#### [ENTRIES SHOWN]

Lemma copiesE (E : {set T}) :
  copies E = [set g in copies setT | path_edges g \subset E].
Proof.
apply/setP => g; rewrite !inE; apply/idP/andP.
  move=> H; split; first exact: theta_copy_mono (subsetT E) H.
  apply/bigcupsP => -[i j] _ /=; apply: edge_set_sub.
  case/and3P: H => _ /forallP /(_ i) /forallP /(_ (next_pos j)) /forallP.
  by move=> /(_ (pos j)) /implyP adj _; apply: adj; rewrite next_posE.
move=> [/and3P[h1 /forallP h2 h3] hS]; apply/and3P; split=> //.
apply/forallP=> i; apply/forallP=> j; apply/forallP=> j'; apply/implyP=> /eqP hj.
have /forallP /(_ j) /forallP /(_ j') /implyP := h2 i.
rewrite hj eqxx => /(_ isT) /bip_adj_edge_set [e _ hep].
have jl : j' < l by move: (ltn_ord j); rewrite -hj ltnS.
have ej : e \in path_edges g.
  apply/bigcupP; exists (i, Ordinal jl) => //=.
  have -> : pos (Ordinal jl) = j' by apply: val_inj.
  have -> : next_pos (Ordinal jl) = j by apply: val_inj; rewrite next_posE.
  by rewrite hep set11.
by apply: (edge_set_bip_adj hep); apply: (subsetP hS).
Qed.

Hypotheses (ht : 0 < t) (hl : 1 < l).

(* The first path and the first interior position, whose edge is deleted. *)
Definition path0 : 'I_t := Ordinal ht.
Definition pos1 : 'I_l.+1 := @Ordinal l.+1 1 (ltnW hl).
---
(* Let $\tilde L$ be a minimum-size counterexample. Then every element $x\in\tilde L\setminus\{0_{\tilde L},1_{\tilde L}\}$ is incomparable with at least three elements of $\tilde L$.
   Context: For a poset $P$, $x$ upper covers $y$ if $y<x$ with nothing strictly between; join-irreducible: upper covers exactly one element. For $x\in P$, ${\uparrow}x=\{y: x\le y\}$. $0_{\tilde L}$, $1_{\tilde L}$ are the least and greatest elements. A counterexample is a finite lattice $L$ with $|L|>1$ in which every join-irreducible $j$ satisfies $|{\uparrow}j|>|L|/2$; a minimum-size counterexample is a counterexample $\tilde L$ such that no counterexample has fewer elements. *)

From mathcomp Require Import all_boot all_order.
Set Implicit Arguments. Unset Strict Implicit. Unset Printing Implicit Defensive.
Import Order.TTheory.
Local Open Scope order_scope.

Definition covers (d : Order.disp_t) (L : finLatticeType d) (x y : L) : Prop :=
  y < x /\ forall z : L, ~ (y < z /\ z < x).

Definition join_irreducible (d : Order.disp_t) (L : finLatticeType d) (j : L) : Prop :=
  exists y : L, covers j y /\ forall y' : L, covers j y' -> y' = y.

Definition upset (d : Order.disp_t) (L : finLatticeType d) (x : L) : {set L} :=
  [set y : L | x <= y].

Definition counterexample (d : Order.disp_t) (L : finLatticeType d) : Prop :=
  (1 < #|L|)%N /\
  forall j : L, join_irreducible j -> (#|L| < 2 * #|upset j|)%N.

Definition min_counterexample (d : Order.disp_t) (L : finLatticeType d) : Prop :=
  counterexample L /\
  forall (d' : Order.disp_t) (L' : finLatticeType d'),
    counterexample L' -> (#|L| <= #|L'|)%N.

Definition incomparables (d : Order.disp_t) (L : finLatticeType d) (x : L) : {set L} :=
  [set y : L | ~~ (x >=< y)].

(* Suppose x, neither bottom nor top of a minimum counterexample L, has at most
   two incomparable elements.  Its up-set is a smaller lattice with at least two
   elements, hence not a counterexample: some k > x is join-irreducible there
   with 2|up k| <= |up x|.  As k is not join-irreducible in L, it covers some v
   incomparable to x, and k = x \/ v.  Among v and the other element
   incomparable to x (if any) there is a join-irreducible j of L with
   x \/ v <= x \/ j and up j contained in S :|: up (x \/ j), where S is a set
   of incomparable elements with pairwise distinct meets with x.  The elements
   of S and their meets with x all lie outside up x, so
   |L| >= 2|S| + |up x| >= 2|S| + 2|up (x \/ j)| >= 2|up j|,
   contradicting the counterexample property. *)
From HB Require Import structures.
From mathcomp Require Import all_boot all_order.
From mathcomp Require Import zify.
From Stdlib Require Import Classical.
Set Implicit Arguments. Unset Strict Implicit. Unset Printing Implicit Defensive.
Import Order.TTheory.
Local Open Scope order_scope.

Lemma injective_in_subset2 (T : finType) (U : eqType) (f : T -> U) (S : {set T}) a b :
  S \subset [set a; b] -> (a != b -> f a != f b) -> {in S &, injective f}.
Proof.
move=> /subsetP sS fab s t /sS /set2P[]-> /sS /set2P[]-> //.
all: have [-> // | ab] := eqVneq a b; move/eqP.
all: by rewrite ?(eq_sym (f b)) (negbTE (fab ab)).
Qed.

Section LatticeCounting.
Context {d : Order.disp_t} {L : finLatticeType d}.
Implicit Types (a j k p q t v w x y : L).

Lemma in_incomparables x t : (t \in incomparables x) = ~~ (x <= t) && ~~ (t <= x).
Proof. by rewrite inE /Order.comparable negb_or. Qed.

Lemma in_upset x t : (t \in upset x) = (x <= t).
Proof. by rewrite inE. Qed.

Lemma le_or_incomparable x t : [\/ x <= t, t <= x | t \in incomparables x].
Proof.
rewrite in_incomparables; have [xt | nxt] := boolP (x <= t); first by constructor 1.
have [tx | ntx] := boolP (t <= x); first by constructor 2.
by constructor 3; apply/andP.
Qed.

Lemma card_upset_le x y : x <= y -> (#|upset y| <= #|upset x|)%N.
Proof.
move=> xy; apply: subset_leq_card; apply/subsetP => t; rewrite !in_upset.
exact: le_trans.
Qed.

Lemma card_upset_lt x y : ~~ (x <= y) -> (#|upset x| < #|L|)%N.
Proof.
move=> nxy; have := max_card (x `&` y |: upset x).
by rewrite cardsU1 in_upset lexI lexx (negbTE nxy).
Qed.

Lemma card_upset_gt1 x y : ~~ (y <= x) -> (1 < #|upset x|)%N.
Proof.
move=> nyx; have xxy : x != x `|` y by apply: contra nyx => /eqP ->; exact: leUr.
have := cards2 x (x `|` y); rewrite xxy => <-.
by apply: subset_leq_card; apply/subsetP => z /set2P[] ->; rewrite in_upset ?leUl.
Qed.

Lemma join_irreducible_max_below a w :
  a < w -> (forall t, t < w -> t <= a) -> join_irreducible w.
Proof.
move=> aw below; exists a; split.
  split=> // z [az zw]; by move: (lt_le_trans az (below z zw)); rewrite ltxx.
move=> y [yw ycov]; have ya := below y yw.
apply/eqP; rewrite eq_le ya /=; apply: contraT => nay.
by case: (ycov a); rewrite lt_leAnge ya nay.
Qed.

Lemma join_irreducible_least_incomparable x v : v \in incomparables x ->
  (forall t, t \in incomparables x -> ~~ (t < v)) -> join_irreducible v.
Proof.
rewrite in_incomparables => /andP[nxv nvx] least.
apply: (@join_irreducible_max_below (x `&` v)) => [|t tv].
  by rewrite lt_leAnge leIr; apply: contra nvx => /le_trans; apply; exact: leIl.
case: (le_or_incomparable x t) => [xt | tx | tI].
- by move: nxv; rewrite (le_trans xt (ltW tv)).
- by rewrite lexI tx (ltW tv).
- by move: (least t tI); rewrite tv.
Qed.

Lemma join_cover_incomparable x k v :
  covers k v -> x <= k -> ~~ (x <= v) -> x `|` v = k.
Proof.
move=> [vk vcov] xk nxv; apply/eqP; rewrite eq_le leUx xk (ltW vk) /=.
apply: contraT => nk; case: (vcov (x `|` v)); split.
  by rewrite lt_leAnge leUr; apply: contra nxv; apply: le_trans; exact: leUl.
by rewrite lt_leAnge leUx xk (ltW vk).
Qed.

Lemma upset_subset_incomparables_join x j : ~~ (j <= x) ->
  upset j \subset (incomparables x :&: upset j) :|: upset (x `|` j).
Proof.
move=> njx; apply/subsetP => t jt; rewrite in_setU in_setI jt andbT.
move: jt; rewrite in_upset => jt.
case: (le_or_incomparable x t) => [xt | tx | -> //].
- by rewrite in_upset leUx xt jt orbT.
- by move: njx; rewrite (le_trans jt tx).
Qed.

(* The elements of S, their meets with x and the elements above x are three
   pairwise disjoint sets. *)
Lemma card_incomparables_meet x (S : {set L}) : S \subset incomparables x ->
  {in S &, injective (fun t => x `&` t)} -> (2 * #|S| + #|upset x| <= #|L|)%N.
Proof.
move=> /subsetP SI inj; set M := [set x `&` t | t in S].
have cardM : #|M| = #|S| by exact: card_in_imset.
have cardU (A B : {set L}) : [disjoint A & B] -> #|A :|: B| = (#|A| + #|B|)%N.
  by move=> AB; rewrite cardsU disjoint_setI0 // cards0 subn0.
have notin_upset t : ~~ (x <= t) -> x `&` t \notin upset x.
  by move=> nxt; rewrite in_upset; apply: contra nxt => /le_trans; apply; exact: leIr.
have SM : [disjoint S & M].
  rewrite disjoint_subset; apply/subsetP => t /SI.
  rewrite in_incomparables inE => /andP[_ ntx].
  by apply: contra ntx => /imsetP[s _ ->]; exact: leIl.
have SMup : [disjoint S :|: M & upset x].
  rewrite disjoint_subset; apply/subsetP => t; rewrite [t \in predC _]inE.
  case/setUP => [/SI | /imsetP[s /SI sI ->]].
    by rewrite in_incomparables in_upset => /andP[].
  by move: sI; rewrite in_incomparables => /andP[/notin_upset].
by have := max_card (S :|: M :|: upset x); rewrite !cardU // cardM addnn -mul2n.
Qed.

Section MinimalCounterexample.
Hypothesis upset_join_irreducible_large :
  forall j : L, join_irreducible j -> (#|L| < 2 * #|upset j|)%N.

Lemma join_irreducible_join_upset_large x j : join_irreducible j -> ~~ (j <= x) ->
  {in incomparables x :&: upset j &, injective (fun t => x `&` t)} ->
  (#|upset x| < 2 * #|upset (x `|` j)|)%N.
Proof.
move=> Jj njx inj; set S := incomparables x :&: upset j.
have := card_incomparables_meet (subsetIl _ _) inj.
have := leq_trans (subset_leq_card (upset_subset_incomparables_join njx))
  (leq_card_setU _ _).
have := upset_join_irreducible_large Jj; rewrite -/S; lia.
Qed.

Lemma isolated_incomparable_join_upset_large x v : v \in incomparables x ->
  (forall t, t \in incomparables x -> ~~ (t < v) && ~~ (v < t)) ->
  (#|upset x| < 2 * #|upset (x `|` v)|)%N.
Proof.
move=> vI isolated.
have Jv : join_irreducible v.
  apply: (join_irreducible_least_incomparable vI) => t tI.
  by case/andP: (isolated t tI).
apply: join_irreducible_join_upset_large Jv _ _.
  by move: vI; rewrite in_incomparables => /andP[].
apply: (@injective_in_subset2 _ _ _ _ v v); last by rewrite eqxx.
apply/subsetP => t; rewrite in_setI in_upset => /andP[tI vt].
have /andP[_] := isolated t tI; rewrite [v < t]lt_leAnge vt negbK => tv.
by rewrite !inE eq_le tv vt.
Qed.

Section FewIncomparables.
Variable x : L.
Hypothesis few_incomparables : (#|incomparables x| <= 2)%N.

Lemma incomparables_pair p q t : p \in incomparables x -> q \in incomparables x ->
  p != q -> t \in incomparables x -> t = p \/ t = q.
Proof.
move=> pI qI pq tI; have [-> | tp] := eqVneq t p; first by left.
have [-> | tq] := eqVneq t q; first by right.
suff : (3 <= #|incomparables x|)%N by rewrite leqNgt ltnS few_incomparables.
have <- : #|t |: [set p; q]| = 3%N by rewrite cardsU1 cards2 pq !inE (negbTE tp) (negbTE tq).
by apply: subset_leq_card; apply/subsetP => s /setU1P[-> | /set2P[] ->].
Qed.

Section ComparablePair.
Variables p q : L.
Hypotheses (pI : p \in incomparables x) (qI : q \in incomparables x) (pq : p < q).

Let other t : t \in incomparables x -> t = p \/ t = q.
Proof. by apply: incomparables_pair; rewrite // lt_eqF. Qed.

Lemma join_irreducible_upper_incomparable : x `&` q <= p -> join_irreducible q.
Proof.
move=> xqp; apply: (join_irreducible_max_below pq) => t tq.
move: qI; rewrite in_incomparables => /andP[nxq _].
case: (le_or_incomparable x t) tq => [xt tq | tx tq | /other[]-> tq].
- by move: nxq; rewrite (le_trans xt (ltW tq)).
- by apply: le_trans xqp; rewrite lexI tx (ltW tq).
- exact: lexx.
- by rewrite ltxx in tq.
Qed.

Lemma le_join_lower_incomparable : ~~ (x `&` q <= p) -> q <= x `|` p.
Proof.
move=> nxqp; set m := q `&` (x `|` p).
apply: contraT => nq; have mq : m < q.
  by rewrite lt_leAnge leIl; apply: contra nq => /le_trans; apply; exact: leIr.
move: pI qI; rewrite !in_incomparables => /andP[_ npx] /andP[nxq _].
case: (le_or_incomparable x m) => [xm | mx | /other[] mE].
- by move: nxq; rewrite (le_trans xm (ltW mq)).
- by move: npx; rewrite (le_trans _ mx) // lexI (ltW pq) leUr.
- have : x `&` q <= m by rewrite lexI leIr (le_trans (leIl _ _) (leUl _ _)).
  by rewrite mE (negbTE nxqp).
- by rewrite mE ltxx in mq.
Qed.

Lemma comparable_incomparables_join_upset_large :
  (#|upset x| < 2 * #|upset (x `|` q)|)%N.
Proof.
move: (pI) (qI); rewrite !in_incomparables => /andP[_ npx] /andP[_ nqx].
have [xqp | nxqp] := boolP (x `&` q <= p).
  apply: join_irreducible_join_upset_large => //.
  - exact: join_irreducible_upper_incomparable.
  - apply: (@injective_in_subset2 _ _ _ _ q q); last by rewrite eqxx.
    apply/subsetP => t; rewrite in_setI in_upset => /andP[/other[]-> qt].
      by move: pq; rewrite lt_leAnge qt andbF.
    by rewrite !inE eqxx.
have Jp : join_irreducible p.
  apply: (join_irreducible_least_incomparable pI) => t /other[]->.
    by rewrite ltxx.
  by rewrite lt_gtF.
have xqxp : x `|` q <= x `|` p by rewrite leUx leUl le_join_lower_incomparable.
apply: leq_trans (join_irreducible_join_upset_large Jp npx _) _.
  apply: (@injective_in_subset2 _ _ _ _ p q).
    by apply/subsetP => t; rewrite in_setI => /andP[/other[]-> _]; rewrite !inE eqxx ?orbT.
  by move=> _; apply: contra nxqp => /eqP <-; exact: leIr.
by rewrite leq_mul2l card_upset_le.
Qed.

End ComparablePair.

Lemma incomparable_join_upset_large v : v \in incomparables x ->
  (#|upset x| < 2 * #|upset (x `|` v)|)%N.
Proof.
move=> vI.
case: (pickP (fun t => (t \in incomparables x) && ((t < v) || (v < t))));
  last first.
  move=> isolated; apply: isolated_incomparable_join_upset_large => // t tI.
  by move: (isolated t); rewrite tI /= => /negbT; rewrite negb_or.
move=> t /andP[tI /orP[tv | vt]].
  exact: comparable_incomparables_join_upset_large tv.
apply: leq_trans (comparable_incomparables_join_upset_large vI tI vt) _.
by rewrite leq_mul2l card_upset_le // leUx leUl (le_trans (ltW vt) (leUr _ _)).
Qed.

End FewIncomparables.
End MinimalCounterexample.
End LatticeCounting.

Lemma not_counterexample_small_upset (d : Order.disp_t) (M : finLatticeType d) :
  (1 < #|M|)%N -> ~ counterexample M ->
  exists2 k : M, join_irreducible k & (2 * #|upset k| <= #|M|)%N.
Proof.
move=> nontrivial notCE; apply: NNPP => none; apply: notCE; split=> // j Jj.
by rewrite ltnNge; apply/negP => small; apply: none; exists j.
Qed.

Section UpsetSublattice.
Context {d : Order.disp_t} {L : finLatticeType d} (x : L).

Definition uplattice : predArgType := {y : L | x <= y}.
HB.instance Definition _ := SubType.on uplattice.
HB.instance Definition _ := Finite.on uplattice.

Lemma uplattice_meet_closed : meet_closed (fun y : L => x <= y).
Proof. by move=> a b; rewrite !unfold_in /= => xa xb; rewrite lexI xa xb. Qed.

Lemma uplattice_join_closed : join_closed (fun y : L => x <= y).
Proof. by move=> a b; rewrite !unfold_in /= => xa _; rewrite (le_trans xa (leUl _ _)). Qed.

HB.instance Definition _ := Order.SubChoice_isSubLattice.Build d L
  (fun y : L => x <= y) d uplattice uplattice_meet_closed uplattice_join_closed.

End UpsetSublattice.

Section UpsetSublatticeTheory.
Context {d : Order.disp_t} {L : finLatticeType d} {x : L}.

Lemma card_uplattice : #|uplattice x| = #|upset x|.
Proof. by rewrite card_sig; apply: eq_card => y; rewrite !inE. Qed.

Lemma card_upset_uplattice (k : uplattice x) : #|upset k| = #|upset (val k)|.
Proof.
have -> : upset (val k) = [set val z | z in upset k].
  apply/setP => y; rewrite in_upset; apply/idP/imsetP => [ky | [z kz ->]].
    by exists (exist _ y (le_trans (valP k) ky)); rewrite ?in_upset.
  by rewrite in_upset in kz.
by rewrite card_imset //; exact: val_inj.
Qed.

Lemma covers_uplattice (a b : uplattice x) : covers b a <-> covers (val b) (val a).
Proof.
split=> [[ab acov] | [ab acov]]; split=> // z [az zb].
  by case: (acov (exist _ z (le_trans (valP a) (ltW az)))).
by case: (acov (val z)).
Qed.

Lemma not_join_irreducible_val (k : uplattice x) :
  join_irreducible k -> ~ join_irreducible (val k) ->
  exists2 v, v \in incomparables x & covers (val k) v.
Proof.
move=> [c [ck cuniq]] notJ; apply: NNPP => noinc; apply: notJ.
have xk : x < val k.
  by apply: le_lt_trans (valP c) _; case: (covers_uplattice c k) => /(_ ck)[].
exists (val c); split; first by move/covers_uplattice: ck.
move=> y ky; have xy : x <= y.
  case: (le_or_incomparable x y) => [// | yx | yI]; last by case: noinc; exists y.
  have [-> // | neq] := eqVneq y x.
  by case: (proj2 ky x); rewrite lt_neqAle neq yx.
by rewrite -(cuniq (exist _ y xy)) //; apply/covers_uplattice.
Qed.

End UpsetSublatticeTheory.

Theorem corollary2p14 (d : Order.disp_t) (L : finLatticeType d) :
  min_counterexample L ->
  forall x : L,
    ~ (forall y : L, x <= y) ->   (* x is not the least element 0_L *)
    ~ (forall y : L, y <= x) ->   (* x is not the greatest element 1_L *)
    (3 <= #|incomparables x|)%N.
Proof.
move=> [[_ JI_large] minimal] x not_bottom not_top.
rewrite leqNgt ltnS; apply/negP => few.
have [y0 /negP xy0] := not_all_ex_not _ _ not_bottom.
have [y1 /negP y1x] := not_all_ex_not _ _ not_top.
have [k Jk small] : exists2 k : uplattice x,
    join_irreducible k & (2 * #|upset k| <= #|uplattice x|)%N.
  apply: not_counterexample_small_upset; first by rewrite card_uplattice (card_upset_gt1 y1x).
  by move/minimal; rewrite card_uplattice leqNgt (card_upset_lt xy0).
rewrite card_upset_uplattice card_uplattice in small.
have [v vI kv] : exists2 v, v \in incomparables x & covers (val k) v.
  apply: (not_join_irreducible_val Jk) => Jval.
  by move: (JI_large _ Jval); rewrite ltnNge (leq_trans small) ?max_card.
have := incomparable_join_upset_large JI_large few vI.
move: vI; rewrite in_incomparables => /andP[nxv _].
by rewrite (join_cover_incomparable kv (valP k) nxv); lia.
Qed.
* * *
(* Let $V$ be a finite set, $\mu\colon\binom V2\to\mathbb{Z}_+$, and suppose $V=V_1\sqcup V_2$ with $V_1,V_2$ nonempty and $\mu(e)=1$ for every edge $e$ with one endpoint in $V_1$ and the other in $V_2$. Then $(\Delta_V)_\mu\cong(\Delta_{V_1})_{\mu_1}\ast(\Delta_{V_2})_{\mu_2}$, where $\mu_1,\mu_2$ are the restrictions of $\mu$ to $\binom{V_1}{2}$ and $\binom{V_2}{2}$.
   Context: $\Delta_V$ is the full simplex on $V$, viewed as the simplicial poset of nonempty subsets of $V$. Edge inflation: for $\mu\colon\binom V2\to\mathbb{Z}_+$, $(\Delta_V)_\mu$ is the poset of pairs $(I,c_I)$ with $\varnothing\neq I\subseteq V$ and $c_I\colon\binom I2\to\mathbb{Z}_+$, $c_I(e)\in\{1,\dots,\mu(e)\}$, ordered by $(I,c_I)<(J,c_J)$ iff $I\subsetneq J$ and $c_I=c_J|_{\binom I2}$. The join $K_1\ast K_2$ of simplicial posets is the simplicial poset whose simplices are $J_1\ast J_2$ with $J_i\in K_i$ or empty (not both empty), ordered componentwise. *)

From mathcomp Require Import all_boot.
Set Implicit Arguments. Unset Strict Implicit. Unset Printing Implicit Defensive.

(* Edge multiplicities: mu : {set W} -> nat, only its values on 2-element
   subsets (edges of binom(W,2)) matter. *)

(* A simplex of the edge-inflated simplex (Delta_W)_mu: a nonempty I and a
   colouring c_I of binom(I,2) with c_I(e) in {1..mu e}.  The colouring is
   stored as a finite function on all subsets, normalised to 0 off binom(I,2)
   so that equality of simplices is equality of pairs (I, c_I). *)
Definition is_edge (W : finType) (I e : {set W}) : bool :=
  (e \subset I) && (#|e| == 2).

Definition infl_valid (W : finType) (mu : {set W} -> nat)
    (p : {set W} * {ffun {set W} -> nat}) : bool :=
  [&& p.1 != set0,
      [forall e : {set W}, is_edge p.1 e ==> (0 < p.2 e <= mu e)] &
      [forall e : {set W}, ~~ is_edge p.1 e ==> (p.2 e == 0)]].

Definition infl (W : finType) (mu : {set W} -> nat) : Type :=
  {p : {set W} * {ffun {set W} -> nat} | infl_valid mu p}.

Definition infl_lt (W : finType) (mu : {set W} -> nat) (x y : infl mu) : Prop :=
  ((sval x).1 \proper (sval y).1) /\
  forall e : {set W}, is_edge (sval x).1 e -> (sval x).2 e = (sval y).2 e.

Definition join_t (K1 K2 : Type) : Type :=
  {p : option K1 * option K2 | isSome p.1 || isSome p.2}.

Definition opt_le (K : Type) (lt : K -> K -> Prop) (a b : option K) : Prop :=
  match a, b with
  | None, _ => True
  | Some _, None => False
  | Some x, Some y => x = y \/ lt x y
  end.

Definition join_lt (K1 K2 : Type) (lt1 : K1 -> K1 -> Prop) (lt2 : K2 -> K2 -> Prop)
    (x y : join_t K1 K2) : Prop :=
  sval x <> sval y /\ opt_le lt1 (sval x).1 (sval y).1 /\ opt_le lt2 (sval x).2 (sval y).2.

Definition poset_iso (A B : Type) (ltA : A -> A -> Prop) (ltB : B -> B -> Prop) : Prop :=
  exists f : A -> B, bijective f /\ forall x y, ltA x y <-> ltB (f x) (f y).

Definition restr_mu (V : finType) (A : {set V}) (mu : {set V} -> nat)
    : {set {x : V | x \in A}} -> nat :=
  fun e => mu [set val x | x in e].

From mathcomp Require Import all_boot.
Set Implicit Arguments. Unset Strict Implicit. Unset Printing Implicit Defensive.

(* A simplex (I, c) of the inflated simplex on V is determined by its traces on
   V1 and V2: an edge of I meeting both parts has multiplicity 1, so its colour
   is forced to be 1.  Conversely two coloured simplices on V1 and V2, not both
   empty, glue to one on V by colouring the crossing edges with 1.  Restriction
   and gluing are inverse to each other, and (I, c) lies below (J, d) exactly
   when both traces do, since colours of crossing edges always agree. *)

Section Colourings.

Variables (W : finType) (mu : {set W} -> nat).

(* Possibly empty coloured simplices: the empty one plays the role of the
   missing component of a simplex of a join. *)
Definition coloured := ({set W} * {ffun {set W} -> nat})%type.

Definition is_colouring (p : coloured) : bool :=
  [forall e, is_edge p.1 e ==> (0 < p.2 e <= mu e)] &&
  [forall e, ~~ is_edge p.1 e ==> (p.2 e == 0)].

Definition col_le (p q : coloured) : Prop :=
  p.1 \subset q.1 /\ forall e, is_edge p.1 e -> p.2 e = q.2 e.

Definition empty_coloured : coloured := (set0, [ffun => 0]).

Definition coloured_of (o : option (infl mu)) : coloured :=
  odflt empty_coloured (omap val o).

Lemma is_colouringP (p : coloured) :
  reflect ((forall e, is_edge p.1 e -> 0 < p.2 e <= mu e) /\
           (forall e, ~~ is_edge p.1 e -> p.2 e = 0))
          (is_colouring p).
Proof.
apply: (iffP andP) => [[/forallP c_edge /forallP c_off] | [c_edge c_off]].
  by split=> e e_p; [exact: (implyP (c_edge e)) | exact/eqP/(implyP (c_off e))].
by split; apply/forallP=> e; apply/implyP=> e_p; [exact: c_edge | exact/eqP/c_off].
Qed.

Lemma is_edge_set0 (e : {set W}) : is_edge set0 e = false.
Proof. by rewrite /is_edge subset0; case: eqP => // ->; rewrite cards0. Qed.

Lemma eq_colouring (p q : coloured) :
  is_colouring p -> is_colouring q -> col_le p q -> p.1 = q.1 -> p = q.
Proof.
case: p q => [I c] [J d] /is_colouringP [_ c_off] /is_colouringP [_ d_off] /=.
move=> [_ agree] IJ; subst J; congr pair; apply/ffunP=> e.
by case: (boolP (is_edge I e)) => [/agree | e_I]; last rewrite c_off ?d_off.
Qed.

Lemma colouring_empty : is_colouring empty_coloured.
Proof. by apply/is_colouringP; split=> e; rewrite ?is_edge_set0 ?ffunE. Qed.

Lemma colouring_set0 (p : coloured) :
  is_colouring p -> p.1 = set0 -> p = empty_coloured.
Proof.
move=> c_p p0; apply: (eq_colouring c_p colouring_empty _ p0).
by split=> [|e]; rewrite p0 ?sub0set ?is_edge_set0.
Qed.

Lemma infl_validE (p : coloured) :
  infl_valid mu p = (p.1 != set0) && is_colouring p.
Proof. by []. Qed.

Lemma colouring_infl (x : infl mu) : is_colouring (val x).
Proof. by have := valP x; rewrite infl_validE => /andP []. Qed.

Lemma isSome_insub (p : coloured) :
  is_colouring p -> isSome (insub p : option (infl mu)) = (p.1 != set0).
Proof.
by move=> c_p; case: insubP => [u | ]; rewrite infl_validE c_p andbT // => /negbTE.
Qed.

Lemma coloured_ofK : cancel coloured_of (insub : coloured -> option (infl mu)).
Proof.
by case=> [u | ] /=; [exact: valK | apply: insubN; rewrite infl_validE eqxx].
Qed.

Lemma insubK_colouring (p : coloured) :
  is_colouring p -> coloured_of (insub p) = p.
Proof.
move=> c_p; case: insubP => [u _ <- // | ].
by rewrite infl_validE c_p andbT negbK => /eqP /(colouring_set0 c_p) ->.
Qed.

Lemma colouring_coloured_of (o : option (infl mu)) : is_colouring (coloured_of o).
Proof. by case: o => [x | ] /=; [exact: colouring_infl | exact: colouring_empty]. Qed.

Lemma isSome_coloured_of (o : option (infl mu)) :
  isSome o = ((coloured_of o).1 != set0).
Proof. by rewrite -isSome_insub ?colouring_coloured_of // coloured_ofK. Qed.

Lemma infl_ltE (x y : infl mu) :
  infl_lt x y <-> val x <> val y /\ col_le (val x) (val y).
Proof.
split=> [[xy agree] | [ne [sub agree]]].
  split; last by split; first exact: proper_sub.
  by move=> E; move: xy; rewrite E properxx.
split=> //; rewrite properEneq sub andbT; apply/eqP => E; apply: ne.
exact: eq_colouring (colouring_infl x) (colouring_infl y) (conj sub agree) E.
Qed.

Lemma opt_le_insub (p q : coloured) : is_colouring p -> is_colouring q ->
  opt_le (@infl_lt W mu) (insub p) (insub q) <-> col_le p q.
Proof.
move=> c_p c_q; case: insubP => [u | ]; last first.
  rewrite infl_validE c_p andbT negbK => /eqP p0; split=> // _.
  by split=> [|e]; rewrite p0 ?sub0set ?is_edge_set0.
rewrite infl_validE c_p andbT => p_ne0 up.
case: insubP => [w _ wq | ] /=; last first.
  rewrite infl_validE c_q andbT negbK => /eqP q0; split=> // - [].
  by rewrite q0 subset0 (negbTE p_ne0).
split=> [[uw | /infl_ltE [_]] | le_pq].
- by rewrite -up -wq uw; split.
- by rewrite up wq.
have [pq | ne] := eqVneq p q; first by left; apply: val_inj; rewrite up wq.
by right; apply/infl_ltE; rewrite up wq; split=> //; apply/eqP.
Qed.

#### [WORK INSTRUCTION]
Look in the material above for the line with "Variable x : L." and the line with "Let other t", and transcribe exactly those lines and all lines between them, nothing more.

#### [RESULT FOR THIS EXERCISE]
Variable x : L.
Hypothesis few_incomparables : (#|incomparables x| <= 2)%N.

Lemma incomparables_pair p q t : p \in incomparables x -> q \in incomparables x ->
  p != q -> t \in incomparables x -> t = p \/ t = q.
Proof.
move=> pI qI pq tI; have [-> | tp] := eqVneq t p; first by left.
have [-> | tq] := eqVneq t q; first by right.
suff : (3 <= #|incomparables x|)%N by rewrite leqNgt ltnS few_incomparables.
have <- : #|t |: [set p; q]| = 3%N by rewrite cardsU1 cards2 pq !inE (negbTE tp) (negbTE tq).
by apply: subset_leq_card; apply/subsetP => s /setU1P[-> | /set2P[] ->].
Qed.

Section ComparablePair.
Variables p q : L.
Hypotheses (pI : p \in incomparables x) (qI : q \in incomparables x) (pq : p < q).

Let other t : t \in incomparables x -> t = p \/ t = q.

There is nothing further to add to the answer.